-
Notifications
You must be signed in to change notification settings - Fork 24
Description
As mentioned in the paper, the optimization loss is considered to be non-negative, however, many objectives are not necessarily non-negative so it would be helpful to remove this restriction.
Currently, the optimizer fails without warning if a loss which goes below zero is used.
To demonstrate this, I modified a single line in L4_MNIST.ipynb to subtracted a constant from the cross entropy objective: train_op = opt.minimize(cross_entropy-5.).

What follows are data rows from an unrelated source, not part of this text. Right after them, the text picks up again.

Lemma is_RInt_0_oo_of_bounded (f : R -> R) M :
  (forall s, 0 < s -> continuous f s) -> (forall s, 0 < s -> 0 <= f s) ->
  (forall a b, 0 < a < b -> RInt f a b <= M) ->
  exists L, is_RInt_0_oo f L.
Proof.
  intros Hf Hpos HM.
  set (E := fun r => exists a b, 0 < a < b /\ r = RInt f a b).
  assert (Hbound : bound E) by (exists M; intros r (a & b & Hab & ->); now apply HM).
  assert (Hne : exists r, E r) by (exists (RInt f 1 2), 1, 2; split; [lra | reflexivity]).
  destruct (completeness E Hbound Hne) as [L [HLub HLleast]].
  exists L; intros eps Heps.
  assert (Happrox : exists r, E r /\ L - eps < r).
  { apply Classical_Pred_Type.not_all_not_ex; intros Hnone.
    enough (L <= L - eps) by lra.
    apply HLleast; intros r Hr; apply Rnot_lt_le; intros Hlt; now apply (Hnone r). }
  destruct Happrox as (r & (a0 & b0 & Hab0 & ->) & Hr).
  exists a0, b0; split; [lra|]; intros a b Ha Hb.
  assert (RInt f a0 b0 <= RInt f a b) by (apply RInt_le_superset; auto; lra).
  assert (RInt f a b <= L) by (apply HLub; exists a, b; split; [lra | reflexivity]).
  apply Rabs_def1; lra.
Qed.

Lemma is_RInt_gen_of_is_RInt_0_oo (f : R -> R) L :
  (forall s, 0 < s -> continuous f s) -> is_RInt_0_oo f L ->
  is_RInt_gen f (at_right 0) (Rbar_locally p_infty) L.
Proof.
  intros Hf HL.
  apply (filterlimi_lim_ext_loc (fun ab => RInt f (fst ab) (snd ab))).
  - apply (Filter_prod _ _ _ (fun a => 0 < a) (fun b => 0 < b)).
    + exists (mkposreal 1 Rlt_0_1); intros y _ Hy; exact Hy.
    + exists 0; intros y Hy; exact Hy.
    + intros a b Ha Hb; apply (@RInt_correct R_CompleteNormedModule), ex_RInt_pos; auto.
  - apply filterlim_locally; intros eps.
    destruct (HL eps (cond_pos eps)) as (a0 & b0 & Ha0 & H).
    apply (Filter_prod _ _ _ (fun a => 0 < a <= a0) (fun b => b0 <= b)).
    + exists (mkposreal a0 Ha0); intros y Hy Hy0; split; auto.
      unfold ball in Hy; simpl in Hy; unfold AbsRing_ball, abs, minus, plus, opp in Hy; simpl in Hy.
      rewrite Rabs_pos_eq in Hy; lra.
    + exists b0; intros y Hy; lra.
    + intros a b Ha Hb; now apply H.
Qed.

Lemma is_RInt_0_oo_ext (f g : R -> R) L :
  (forall s, 0 < s -> f s = g s) -> is_RInt_0_oo f L -> is_RInt_0_oo g L.
Proof.
  intros Hfg HL eps Heps; destruct (HL eps Heps) as (a0 & b0 & Ha0 & H).
  exists a0, (Rmax b0 1); split; auto; intros a b Ha Hb.
  rewrite <- (RInt_ext_pos f g) by (auto; pose proof (Rmax_r b0 1); lra).
  apply H; auto; pose proof (Rmax_l b0 1); lra.
Qed.

Lemma is_RInt_0_oo_lin (f g : R -> R) al be Lf Lg :
  (forall s, 0 < s -> continuous f s) -> (forall s, 0 < s -> continuous g s) ->
  is_RInt_0_oo f Lf -> is_RInt_0_oo g Lg ->
  is_RInt_0_oo (fun s => al * f s + be * g s) (al * Lf + be * Lg).
Proof.
  intros Hf Hg HLf HLg eps Heps.
  pose proof (Rabs_pos al); pose proof (Rabs_pos be).
  set (k := Rabs al + Rabs be + 1).
  assert (Hk : 0 < k) by (unfold k; lra).
  destruct (HLf (eps / k)) as (a1 & b1 & Ha1 & H1); [now apply Rdiv_lt_0_compat|].
  destruct (HLg (eps / k)) as (a2 & b2 & Ha2 & H2); [now apply Rdiv_lt_0_compat|].
  exists (Rmin a1 a2), (Rmax (Rmax b1 b2) 1); split; [now apply Rmin_glb_lt|].
  intros a b Ha Hb.
  pose proof (Rmin_l a1 a2); pose proof (Rmin_r a1 a2).
  pose proof (Rmax_l (Rmax b1 b2) 1); pose proof (Rmax_r (Rmax b1 b2) 1);
    pose proof (Rmax_l b1 b2); pose proof (Rmax_r b1 b2).
  assert (Hab : 0 < b) by lra.
  rewrite RInt_plus_R, !RInt_scal_R by
    (apply ex_RInt_pos; try lra; intros s Hs;
     repeat first [solve [auto] | apply continuous_plus_R | apply continuous_mult_R | apply continuous_const]).
  specialize (H1 a b ltac:(lra) ltac:(lra)); specialize (H2 a b ltac:(lra) ltac:(lra)).
  replace (al * RInt f a b + be * RInt g a b - (al * Lf + be * Lg))
    with (al * (RInt f a b - Lf) + be * (RInt g a b - Lg)) by ring.
  eapply Rle_lt_trans; [apply Rabs_triang|]; rewrite !Rabs_mult.
  apply Rle_lt_trans with ((Rabs al + Rabs be) * (eps / k)).
  - assert (Rabs al * Rabs (RInt f a b - Lf) <= Rabs al * (eps / k)) by (apply Rmult_le_compat_l; lra).
    assert (Rabs be * Rabs (RInt g a b - Lg) <= Rabs be * (eps / k)) by (apply Rmult_le_compat_l; lra).
    lra.
  - replace ((Rabs al + Rabs be) * (eps / k)) with (eps - eps / k) by (unfold k; field; lra).
    assert (0 < eps / k) by now apply Rdiv_lt_0_compat. lra.
Qed.

Lemma is_RInt_0_oo_dilate (f : R -> R) c L : 0 < c ->
  (forall s, 0 < s -> continuous f s) -> is_RInt_0_oo f L ->
  is_RInt_0_oo (fun s => c * f (c * s)) L.
Proof.
  intros Hc Hf HL eps Heps; destruct (HL eps Heps) as (a0 & b0 & Ha0 & H).
  exists (a0 / c), (Rmax (b0 / c) 1); split; [now apply Rdiv_lt_0_compat|]; intros a b Ha Hb.
  pose proof (Rmax_l (b0 / c) 1); pose proof (Rmax_r (b0 / c) 1).
  pose proof (@RInt_comp_lin R_CompleteNormedModule f c 0 a b) as Hcomp.
  rewrite !Rplus_0_r in Hcomp.
  replace (RInt (fun s => c * f (c * s)) a b) with (RInt f (c * a) (c * b)).
  - apply H; [split|].
    + nra.
    + apply (Rmult_le_reg_r (/ c)); [now apply Rinv_0_lt_compat|].
      replace (c * a * / c) with a by (field; lra); exact (proj2 Ha).
    + apply (Rmult_le_reg_r (/ c)); [now apply Rinv_0_lt_compat|].
      replace (c * b * / c) with b by (field; lra); unfold Rdiv in *; lra.
  - rewrite <- Hcomp by (apply ex_RInt_pos; auto; nra).
    apply (@RInt_ext R_CompleteNormedModule); intros s _; rewrite Rplus_0_r; reflexivity.
Qed.

Lemma is_lim_seq_zpartial_RInt_u a theta t (f : R -> R) L :
  0 < a < 1 -> 0 < theta -> 0 < t ->
  (forall s, 0 < s -> continuous f s) -> is_RInt_0_oo f L ->
  is_lim_seq (zpartial (fun j => RInt f (u a theta t (j + 1)) (u a theta t j))) L.
Proof.
  intros Ha Htheta Ht Hf HL.
  apply (is_lim_seq_ext _ _ _ (fun n => eq_sym (zpartial_RInt_u a theta Ha Htheta f t n Ht Hf))).
  apply is_lim_seq_spec; intros eps.
  destruct (HL eps (cond_pos eps)) as (a0 & b0 & Ha0 & H).
  destruct (proj2 (is_lim_seq_spec _ _) (is_lim_seq_u_pos a theta Ha t) (mkposreal a0 Ha0)) as [N1 HN1].
  destruct (proj2 (is_lim_seq_spec _ _) (is_lim_seq_u_neg a theta Ha Htheta t Ht) b0) as [N2 HN2].
  exists (max N1 N2); intros n Hn; apply H.
  - specialize (HN1 n ltac:(lia)).
    pose proof (u_pos a theta Ha Htheta t (Z.of_nat (S n)) Ht).
    cbn [pos] in HN1; rewrite Rminus_0_r, Rabs_pos_eq in HN1; lra.
  - apply Rlt_le, HN2; lia.
Qed.

Lemma Rpower_mul_exp_opp_le z s : 0 < z -> 0 < s ->
  Rpower s z * exp (- s) <= exp (z * (ln (2 * z) - 1)) * exp (- s / 2).
Proof.
  intros Hz Hs; unfold Rpower; rewrite <- !exp_plus; apply exp_le.
  assert (Hln : ln (s / (2 * z)) <= s / (2 * z) - 1).
  { pose proof (exp_ineq1_le (ln (s / (2 * z)))) as H.
    rewrite exp_ln in H by (apply Rdiv_lt_0_compat; lra); lra. }
  rewrite ln_div in Hln by lra.
  apply (Rmult_le_compat_l z) in Hln; [|lra].
  replace (z * (s / (2 * z) - 1)) with (s / 2 - z) in Hln by (field; lra).
  replace (- s / 2) with (- s + s / 2) by field; nra.
Qed.

Section GammaIntegral.

Variable z : R.
Hypothesis Hz : -1 < z.

Let gamma_integrand s := Rpower s z * exp (- s).

Lemma continuous_gamma_integrand s : 0 < s -> continuous gamma_integrand s.
Proof. intros Hs; apply continuous_mult_R; [now apply continuous_Rpower | solve_continuous]. Qed.

Lemma RInt_gamma_integrand_head a : 0 < a <= 1 -> RInt gamma_integrand a 1 <= / (z + 1).
Proof.
  intros Ha; apply Rle_trans with (RInt (fun s => Rpower s z) a 1).
  - apply RInt_le; try apply ex_RInt_pos; try lra; auto using continuous_gamma_integrand, continuous_Rpower.
    intros s Hs; unfold gamma_integrand.
    pose proof (exp_opp_le_1 s); pose proof (exp_pos (z * ln s)); unfold Rpower; nra.
  - rewrite RInt_Rpower, Rpower_1_l by lra.
    pose proof (exp_pos ((z + 1) * ln a)); unfold Rpower, Rdiv.
    assert (0 < / (z + 1)) by (apply Rinv_0_lt_compat; lra). nra.
Qed.

Lemma RInt_gamma_integrand_tail b : 1 <= b ->
  RInt gamma_integrand 1 b <= 2 * exp ((Rabs z + 1) * (ln (2 * (Rabs z + 1)) - 1)).
Proof.
  intros Hb; set (Z := Rabs z + 1); set (K := exp (Z * (ln (2 * Z) - 1))).
  assert (HZ : 0 < Z) by (unfold Z; pose proof (Rabs_pos z); lra).
  assert (HK : 0 < K) by apply exp_pos.
  apply Rle_trans with (RInt (fun s => K * exp (- s / 2)) 1 b).
  - apply RInt_le; try apply ex_RInt_pos; try lra; auto using continuous_gamma_integrand.
    { intros; solve_continuous. }
    intros s Hs; apply Rle_trans with (Rpower s Z * exp (- s)); [|apply Rpower_mul_exp_opp_le; lra].
    apply Rmult_le_compat_r; [apply Rlt_le, exp_pos|].
    apply Rle_Rpower; [lra|]; unfold Z; pose proof (Rle_abs z); lra.
  - rewrite (is_RInt_unique (fun s => K * exp (- s / 2)) 1 b (2 * K * (exp (- 1 / 2) - exp (- b / 2)))).
    + pose proof (exp_pos (- b / 2)); pose proof (exp_opp_le_1 (1 / 2)).
      replace (- 1 / 2) with (- (1 / 2)) by field; nra.
    + replace (2 * K * (exp (- 1 / 2) - exp (- b / 2)))
        with (minus (- 2 * K * exp (- b / 2)) (- 2 * K * exp (- 1 / 2)))
        by (unfold minus, plus, opp; simpl; ring).
      apply (@is_RInt_derive R_CompleteNormedModule (fun s => - 2 * K * exp (- s / 2))); intros s _.
      * auto_derive; auto; unfold Rdiv; set (e := exp _); field.
      * solve_continuous.
Qed.

Lemma is_RInt_0_oo_Gamma : is_RInt_0_oo gamma_integrand (Gamma (z + 1)).
Proof.
  set (M := / (z + 1) + 2 * exp ((Rabs z + 1) * (ln (2 * (Rabs z + 1)) - 1))).
  assert (Hpos : forall s, 0 < s -> 0 <= gamma_integrand s)
    by (intros; apply Rmult_le_pos; apply Rlt_le, exp_pos).
  destruct (is_RInt_0_oo_of_bounded gamma_integrand M continuous_gamma_integrand Hpos) as [L HL].
  - intros a b Hab.
    pose proof (Rmin_l a 1); pose proof (Rmin_r a 1); pose proof (Rmax_l b 1); pose proof (Rmax_r b 1).
    assert (0 < Rmin a 1) by (apply Rmin_glb_lt; lra).
    apply Rle_trans with (RInt gamma_integrand (Rmin a 1) (Rmax b 1));
      [apply RInt_le_superset; auto using continuous_gamma_integrand; lra|].
    rewrite <- (@RInt_Chasles R_CompleteNormedModule _ _ 1) by (apply ex_RInt_pos; auto using continuous_gamma_integrand; lra).
    pose proof (RInt_gamma_integrand_head (Rmin a 1)); pose proof (RInt_gamma_integrand_tail (Rmax b 1)).
    unfold M; simpl; unfold plus; simpl; lra.
  - replace (Gamma (z + 1)) with L; auto.
    symmetry; unfold Gamma; replace (z + 1 - 1) with z by ring.
    apply (@is_RInt_gen_unique R_CompleteNormedModule);
      [apply Proper_StrongProper, at_right_proper_filter | apply Proper_StrongProper, Rbar_locally_filter |].
    now apply is_RInt_gen_of_is_RInt_0_oo; [exact continuous_gamma_integrand|].
Qed.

This, of course, shouldn't affect the optimization, however, when run the optimizer fails completely:
Epoch 0; Current Batch Loss: 2.3025853633880615
Epoch 1; Current Batch Loss: 1.02925705909729
Epoch 2; Current Batch Loss: 8078224896.0
Epoch 3; Current Batch Loss: 10578548736.0
Epoch 4; Current Batch Loss: 210841823608832.0
Epoch 5; Current Batch Loss: nan
Epoch 6; Current Batch Loss: nan
Epoch 7; Current Batch Loss: nan
[...]
Test accuracy: 0.09799999743700027
As a temporary work-around, a transformation may be used such as
pos_loss = tf.exp(loss - initial_loss)
where initial_loss is loss evaluated at the beginning of the optimization process.
The L4 optimizer does function with this transformation, however, empirically it doesn't seem to do very well.
It would be ideal if the optimizer could work with the original (un-transformed) loss.